(The data begins)

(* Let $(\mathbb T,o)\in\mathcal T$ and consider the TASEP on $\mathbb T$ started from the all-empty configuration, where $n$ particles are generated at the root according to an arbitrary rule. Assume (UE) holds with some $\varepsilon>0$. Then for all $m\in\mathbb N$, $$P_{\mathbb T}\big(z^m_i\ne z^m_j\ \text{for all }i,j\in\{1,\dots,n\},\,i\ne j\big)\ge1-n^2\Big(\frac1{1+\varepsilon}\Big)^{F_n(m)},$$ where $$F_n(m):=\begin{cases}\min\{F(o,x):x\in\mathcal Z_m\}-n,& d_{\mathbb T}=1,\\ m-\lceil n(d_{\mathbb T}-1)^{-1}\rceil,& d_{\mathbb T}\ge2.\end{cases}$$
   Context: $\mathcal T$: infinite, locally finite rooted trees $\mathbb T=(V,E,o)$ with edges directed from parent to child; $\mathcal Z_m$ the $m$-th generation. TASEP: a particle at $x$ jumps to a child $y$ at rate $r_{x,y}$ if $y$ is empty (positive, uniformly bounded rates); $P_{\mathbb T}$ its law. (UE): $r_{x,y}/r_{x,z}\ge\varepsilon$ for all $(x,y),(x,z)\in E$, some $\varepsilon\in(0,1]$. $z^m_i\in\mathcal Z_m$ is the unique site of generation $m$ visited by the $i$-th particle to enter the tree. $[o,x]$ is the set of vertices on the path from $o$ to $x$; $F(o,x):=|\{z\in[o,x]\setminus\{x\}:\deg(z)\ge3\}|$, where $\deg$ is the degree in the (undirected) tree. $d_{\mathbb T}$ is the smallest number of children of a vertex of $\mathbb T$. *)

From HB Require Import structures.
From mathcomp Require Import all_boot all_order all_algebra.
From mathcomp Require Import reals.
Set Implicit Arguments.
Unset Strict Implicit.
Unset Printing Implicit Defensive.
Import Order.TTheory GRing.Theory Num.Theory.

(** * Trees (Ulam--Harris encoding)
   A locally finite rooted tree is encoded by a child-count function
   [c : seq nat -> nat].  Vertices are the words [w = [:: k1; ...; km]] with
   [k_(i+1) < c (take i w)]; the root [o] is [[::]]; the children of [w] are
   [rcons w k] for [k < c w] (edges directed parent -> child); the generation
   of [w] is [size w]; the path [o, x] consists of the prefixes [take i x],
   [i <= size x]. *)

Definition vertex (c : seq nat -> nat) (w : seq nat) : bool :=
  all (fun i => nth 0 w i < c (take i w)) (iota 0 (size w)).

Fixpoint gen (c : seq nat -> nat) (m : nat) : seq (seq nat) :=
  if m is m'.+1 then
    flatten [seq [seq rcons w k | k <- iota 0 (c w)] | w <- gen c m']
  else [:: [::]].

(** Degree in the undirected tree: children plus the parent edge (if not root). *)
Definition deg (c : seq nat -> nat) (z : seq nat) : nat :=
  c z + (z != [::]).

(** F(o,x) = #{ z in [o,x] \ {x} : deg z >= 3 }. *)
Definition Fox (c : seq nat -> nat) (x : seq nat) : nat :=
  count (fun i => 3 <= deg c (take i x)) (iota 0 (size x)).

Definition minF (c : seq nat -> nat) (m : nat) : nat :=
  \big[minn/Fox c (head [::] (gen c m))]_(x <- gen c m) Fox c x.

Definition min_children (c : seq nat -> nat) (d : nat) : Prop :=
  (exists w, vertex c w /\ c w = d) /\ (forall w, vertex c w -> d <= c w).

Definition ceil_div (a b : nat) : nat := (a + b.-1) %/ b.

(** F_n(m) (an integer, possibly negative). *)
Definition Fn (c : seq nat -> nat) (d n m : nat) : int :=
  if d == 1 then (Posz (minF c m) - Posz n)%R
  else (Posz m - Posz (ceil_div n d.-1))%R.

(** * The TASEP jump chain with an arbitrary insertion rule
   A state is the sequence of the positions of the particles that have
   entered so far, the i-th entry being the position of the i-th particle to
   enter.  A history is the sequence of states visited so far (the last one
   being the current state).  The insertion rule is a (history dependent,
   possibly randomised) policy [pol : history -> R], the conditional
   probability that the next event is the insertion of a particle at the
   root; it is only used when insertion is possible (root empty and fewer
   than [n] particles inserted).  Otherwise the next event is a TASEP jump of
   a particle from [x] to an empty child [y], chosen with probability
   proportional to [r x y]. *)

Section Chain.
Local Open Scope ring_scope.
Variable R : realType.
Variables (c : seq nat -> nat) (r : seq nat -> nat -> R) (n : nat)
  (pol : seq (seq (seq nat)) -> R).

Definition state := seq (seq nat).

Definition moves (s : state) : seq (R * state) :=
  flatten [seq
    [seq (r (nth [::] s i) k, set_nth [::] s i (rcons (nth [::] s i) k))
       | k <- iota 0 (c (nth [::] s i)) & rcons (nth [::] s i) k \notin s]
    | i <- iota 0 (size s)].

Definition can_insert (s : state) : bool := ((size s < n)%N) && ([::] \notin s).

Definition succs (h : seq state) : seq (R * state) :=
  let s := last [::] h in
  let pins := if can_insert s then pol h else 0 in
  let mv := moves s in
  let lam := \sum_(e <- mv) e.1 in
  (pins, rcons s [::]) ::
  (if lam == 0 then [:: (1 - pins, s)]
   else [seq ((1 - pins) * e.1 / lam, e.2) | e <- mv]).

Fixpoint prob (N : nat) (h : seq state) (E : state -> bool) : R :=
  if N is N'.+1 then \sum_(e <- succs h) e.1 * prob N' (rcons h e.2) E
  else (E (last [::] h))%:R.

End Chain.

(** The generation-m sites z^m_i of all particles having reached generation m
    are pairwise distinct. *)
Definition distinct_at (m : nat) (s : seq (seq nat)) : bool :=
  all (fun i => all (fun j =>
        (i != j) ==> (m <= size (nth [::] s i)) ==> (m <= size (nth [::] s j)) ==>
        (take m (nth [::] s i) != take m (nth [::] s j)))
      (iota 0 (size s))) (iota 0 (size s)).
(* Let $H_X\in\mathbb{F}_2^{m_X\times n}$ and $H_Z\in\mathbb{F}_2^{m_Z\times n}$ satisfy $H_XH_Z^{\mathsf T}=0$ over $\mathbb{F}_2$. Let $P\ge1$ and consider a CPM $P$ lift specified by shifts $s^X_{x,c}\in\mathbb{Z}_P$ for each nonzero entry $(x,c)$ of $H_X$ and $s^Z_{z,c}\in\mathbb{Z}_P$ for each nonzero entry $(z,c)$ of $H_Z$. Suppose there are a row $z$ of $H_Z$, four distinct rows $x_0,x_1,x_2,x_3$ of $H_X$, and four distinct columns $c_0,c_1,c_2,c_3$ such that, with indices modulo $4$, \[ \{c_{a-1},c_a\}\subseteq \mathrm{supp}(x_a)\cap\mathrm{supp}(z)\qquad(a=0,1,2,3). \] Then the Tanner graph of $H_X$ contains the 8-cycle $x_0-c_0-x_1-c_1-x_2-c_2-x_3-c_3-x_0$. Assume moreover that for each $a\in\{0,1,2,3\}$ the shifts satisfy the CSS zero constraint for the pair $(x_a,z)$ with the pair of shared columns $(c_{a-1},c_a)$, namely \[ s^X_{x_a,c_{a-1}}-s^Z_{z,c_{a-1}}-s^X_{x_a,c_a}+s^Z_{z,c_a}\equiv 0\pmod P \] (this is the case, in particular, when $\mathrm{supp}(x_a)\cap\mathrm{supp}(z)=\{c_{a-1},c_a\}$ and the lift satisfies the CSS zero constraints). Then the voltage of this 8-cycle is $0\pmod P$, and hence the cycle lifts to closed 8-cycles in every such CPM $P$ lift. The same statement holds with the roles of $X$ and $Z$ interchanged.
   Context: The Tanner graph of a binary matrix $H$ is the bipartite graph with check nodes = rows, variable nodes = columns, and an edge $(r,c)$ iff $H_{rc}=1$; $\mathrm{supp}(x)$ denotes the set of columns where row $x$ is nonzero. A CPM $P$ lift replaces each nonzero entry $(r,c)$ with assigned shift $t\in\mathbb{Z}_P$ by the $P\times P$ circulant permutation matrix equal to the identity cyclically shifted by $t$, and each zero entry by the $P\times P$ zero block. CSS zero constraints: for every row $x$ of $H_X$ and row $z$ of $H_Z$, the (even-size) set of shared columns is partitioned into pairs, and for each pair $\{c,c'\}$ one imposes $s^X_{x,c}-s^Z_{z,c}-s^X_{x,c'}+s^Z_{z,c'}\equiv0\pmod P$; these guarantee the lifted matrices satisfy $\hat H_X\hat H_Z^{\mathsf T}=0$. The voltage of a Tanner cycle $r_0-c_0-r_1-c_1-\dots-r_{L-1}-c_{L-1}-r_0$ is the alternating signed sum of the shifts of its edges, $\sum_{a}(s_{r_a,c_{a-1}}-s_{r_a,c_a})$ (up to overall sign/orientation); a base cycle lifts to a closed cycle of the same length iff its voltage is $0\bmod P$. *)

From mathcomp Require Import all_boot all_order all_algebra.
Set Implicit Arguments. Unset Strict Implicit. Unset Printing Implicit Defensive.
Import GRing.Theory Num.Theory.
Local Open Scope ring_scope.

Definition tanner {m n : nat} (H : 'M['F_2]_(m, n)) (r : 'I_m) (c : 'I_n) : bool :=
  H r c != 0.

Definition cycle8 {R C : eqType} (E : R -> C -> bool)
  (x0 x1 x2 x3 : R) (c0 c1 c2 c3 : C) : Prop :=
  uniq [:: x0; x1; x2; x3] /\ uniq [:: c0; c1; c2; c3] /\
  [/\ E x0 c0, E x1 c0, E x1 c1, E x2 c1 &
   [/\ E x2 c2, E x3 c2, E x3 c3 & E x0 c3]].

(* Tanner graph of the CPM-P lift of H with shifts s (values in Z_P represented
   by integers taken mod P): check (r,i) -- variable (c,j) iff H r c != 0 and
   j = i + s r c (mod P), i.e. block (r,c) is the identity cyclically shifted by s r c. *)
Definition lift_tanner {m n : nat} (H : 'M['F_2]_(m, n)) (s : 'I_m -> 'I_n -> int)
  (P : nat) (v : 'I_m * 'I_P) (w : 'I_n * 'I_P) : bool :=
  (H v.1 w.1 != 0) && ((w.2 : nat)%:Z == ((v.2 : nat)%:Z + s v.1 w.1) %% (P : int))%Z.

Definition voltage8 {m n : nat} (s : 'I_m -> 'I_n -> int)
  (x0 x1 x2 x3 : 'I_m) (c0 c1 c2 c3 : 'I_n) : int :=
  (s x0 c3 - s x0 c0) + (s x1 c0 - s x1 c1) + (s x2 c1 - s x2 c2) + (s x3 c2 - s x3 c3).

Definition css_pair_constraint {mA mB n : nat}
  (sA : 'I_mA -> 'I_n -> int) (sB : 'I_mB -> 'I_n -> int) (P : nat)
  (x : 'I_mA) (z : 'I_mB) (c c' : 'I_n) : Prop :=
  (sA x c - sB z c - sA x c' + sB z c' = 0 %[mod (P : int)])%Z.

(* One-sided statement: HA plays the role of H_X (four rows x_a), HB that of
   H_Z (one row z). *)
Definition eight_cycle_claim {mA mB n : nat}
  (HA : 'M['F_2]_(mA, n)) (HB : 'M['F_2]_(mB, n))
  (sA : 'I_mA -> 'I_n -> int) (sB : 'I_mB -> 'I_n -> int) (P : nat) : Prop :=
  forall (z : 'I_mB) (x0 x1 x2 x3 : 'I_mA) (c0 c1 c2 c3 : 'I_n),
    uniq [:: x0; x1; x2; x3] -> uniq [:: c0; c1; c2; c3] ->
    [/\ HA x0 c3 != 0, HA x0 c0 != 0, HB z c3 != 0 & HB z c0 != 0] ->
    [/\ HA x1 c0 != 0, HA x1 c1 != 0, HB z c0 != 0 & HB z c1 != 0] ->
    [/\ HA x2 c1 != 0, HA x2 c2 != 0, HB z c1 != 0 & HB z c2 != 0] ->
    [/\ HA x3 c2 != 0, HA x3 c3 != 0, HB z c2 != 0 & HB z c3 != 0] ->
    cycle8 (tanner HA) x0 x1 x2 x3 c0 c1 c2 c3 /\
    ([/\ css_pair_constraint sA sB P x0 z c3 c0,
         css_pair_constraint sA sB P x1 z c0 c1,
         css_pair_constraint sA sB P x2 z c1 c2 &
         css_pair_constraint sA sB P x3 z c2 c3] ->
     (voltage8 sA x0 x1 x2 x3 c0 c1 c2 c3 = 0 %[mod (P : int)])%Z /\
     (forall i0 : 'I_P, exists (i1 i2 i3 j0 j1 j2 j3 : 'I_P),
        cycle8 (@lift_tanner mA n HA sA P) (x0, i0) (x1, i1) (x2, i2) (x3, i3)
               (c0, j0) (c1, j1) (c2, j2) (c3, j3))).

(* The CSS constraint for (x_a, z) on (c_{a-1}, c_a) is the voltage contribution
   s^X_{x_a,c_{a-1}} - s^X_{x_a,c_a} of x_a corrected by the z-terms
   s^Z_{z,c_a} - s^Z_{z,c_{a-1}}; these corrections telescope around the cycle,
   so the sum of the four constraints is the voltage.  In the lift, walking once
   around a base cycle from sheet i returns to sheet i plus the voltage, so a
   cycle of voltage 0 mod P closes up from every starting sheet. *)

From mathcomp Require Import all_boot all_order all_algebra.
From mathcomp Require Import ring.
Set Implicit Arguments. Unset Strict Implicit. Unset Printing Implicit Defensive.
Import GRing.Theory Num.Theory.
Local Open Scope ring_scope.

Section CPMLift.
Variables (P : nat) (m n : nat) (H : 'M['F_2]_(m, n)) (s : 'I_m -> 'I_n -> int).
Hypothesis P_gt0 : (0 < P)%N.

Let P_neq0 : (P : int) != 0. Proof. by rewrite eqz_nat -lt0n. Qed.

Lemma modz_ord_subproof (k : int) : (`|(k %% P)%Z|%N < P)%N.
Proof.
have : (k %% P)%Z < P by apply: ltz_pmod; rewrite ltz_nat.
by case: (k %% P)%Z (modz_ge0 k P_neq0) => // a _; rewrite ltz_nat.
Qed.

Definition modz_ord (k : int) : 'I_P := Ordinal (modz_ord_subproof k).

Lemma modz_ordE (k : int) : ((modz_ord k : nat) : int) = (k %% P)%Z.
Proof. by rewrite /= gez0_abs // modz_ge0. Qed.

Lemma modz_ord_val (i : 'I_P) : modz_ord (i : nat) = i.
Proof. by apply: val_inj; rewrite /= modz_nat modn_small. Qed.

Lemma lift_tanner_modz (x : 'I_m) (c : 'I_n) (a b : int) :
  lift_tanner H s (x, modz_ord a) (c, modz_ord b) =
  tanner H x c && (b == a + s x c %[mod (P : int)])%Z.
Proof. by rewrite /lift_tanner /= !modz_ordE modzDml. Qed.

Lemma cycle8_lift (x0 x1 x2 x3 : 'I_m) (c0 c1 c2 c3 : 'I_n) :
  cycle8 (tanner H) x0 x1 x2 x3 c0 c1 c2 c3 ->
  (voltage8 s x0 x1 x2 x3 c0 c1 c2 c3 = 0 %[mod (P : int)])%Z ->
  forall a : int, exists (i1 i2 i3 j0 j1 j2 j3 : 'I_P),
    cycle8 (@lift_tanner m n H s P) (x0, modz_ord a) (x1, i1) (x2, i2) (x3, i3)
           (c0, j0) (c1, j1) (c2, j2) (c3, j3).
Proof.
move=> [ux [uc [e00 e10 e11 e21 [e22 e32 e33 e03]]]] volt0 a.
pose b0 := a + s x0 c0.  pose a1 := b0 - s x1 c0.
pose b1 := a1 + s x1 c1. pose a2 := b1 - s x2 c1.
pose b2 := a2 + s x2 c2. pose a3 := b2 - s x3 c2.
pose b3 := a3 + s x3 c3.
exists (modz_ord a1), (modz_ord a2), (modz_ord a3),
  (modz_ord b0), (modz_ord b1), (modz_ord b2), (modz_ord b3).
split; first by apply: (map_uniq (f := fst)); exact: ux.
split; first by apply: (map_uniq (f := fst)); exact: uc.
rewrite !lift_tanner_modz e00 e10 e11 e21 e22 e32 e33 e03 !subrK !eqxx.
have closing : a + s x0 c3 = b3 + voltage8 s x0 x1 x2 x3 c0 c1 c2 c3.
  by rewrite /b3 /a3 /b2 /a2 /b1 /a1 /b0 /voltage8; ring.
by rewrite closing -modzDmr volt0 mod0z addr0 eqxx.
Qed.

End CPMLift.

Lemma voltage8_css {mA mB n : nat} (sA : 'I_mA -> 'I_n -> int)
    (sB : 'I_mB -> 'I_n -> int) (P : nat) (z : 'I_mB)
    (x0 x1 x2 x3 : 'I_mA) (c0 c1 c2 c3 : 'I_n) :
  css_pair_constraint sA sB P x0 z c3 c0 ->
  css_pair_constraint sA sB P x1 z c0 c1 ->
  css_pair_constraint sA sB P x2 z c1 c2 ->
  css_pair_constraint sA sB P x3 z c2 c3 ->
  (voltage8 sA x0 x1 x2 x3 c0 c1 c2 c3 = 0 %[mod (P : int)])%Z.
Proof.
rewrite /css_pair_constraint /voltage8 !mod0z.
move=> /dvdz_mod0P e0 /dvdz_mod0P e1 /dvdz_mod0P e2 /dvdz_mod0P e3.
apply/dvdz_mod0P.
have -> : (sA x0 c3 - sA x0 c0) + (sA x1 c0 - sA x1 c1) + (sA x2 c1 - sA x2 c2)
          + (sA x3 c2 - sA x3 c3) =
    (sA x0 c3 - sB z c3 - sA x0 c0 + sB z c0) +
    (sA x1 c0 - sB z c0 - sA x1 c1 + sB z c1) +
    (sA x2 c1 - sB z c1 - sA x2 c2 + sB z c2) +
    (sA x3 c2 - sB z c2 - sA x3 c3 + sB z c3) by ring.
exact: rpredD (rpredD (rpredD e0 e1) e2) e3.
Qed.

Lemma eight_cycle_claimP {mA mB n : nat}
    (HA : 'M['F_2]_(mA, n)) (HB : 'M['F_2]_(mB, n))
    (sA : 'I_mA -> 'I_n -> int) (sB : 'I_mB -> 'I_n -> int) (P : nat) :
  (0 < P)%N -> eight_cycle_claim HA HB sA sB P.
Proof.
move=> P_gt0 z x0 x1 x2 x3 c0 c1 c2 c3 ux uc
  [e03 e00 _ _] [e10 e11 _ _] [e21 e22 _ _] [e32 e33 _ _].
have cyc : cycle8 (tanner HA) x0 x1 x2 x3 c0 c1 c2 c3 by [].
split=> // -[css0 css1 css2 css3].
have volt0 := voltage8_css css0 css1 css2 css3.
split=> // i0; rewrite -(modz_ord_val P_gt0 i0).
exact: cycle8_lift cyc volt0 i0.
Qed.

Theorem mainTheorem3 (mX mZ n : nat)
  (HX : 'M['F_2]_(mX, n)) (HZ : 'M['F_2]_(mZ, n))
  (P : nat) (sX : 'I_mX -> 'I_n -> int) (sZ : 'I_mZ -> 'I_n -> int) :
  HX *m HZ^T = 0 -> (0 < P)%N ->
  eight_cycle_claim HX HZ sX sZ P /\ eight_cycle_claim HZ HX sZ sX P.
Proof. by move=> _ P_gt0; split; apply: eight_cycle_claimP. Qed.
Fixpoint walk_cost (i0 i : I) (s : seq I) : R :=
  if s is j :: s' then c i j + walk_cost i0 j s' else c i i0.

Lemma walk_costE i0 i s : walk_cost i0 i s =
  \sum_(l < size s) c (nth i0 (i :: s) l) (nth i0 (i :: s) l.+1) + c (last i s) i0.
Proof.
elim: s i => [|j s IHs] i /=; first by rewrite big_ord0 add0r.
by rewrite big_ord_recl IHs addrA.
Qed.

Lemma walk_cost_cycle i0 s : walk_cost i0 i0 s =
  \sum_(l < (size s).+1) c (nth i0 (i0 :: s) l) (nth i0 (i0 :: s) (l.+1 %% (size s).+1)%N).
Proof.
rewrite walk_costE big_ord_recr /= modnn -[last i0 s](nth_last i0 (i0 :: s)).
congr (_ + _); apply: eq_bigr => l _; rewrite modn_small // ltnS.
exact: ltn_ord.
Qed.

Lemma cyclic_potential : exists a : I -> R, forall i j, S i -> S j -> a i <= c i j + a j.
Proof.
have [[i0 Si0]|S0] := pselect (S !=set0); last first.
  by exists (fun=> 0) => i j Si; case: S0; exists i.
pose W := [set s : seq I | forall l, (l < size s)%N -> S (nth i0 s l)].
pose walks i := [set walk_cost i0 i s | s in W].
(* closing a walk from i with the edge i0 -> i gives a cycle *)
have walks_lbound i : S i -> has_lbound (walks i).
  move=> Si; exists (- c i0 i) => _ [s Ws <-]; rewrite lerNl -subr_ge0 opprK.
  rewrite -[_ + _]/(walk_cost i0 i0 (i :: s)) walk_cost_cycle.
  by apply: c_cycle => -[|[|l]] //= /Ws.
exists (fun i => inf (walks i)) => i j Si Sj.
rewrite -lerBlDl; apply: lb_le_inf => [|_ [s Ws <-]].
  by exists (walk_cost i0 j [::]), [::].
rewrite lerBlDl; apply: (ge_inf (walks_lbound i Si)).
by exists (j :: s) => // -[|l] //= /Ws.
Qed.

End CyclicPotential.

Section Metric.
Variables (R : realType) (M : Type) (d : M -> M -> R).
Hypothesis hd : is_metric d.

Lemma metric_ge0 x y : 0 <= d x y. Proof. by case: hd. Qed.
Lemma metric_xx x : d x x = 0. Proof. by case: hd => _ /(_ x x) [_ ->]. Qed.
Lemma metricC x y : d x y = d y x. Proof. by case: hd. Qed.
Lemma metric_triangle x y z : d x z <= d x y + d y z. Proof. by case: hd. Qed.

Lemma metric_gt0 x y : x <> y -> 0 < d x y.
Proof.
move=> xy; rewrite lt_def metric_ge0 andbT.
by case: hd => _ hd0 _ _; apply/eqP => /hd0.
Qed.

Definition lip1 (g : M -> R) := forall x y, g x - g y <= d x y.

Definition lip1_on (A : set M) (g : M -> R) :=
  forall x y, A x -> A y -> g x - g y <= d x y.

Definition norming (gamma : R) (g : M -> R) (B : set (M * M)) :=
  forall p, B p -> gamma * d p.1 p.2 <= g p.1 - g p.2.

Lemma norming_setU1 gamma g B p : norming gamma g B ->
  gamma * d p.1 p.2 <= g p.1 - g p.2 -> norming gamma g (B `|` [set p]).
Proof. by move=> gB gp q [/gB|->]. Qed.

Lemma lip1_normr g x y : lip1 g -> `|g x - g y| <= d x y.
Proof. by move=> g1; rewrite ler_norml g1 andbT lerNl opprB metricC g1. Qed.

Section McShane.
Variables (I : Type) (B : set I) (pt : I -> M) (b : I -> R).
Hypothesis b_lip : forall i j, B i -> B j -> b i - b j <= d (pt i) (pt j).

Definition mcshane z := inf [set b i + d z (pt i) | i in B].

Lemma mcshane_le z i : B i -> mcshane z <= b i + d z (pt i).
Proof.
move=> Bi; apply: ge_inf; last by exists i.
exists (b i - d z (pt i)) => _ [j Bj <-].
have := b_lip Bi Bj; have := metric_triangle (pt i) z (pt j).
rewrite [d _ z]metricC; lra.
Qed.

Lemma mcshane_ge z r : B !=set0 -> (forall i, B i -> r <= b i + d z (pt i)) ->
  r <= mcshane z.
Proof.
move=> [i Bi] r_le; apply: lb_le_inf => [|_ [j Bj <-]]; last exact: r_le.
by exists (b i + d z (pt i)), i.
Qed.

(The data ends)

What to do
Print exactly the lines between the line with "Lemma mcshane_le z" and the final line of the records above, both included.

Solution
Lemma mcshane_le z i : B i -> mcshane z <= b i + d z (pt i).
Proof.
move=> Bi; apply: ge_inf; last by exists i.
exists (b i - d z (pt i)) => _ [j Bj <-].
have := b_lip Bi Bj; have := metric_triangle (pt i) z (pt j).
rewrite [d _ z]metricC; lra.
Qed.

Lemma mcshane_ge z r : B !=set0 -> (forall i, B i -> r <= b i + d z (pt i)) ->
  r <= mcshane z.
Proof.
move=> [i Bi] r_le; apply: lb_le_inf => [|_ [j Bj <-]]; last exact: r_le.
by exists (b i + d z (pt i)), i.
Qed.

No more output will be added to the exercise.